-- Records provided --
========

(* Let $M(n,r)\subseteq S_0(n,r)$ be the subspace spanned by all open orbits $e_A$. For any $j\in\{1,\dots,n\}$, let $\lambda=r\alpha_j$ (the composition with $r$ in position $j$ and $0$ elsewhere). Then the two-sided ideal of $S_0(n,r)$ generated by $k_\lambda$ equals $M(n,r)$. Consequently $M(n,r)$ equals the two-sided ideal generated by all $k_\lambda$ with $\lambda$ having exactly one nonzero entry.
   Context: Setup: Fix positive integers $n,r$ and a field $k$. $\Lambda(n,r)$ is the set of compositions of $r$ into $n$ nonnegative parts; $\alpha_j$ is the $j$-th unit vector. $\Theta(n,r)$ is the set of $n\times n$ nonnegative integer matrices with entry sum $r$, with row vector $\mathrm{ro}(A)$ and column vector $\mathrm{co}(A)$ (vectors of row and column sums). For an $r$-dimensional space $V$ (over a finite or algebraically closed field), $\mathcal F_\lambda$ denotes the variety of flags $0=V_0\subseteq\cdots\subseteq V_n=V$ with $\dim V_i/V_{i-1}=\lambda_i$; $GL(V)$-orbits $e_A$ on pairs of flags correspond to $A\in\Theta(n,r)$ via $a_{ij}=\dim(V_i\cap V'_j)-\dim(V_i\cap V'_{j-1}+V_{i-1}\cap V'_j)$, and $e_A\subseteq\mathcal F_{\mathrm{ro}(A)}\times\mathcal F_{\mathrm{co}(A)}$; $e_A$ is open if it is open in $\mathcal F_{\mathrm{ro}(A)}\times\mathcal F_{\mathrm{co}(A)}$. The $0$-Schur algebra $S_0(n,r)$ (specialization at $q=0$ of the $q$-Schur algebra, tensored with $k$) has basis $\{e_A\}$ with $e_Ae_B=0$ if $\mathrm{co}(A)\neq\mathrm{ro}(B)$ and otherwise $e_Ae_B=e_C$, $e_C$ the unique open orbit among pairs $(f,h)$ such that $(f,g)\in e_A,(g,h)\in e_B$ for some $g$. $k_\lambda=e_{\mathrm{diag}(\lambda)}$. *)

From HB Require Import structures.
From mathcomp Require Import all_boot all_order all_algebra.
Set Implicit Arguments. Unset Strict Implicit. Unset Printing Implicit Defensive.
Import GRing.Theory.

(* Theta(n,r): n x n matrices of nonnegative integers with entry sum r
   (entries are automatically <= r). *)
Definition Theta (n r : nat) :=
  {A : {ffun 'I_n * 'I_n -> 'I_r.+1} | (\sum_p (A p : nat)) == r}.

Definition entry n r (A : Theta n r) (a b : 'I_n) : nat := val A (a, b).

========

-- What the exercise asks --
The full listing is to be copied verbatim.

-- Solution for this exercise --
(* Let $M(n,r)\subseteq S_0(n,r)$ be the subspace spanned by all open orbits $e_A$. For any $j\in\{1,\dots,n\}$, let $\lambda=r\alpha_j$ (the composition with $r$ in position $j$ and $0$ elsewhere). Then the two-sided ideal of $S_0(n,r)$ generated by $k_\lambda$ equals $M(n,r)$. Consequently $M(n,r)$ equals the two-sided ideal generated by all $k_\lambda$ with $\lambda$ having exactly one nonzero entry.
   Context: Setup: Fix positive integers $n,r$ and a field $k$. $\Lambda(n,r)$ is the set of compositions of $r$ into $n$ nonnegative parts; $\alpha_j$ is the $j$-th unit vector. $\Theta(n,r)$ is the set of $n\times n$ nonnegative integer matrices with entry sum $r$, with row vector $\mathrm{ro}(A)$ and column vector $\mathrm{co}(A)$ (vectors of row and column sums). For an $r$-dimensional space $V$ (over a finite or algebraically closed field), $\mathcal F_\lambda$ denotes the variety of flags $0=V_0\subseteq\cdots\subseteq V_n=V$ with $\dim V_i/V_{i-1}=\lambda_i$; $GL(V)$-orbits $e_A$ on pairs of flags correspond to $A\in\Theta(n,r)$ via $a_{ij}=\dim(V_i\cap V'_j)-\dim(V_i\cap V'_{j-1}+V_{i-1}\cap V'_j)$, and $e_A\subseteq\mathcal F_{\mathrm{ro}(A)}\times\mathcal F_{\mathrm{co}(A)}$; $e_A$ is open if it is open in $\mathcal F_{\mathrm{ro}(A)}\times\mathcal F_{\mathrm{co}(A)}$. The $0$-Schur algebra $S_0(n,r)$ (specialization at $q=0$ of the $q$-Schur algebra, tensored with $k$) has basis $\{e_A\}$ with $e_Ae_B=0$ if $\mathrm{co}(A)\neq\mathrm{ro}(B)$ and otherwise $e_Ae_B=e_C$, $e_C$ the unique open orbit among pairs $(f,h)$ such that $(f,g)\in e_A,(g,h)\in e_B$ for some $g$. $k_\lambda=e_{\mathrm{diag}(\lambda)}$. *)

From HB Require Import structures.
From mathcomp Require Import all_boot all_order all_algebra.
Set Implicit Arguments. Unset Strict Implicit. Unset Printing Implicit Defensive.
Import GRing.Theory.

(* Theta(n,r): n x n matrices of nonnegative integers with entry sum r
   (entries are automatically <= r). *)
Definition Theta (n r : nat) :=
  {A : {ffun 'I_n * 'I_n -> 'I_r.+1} | (\sum_p (A p : nat)) == r}.

Definition entry n r (A : Theta n r) (a b : 'I_n) : nat := val A (a, b).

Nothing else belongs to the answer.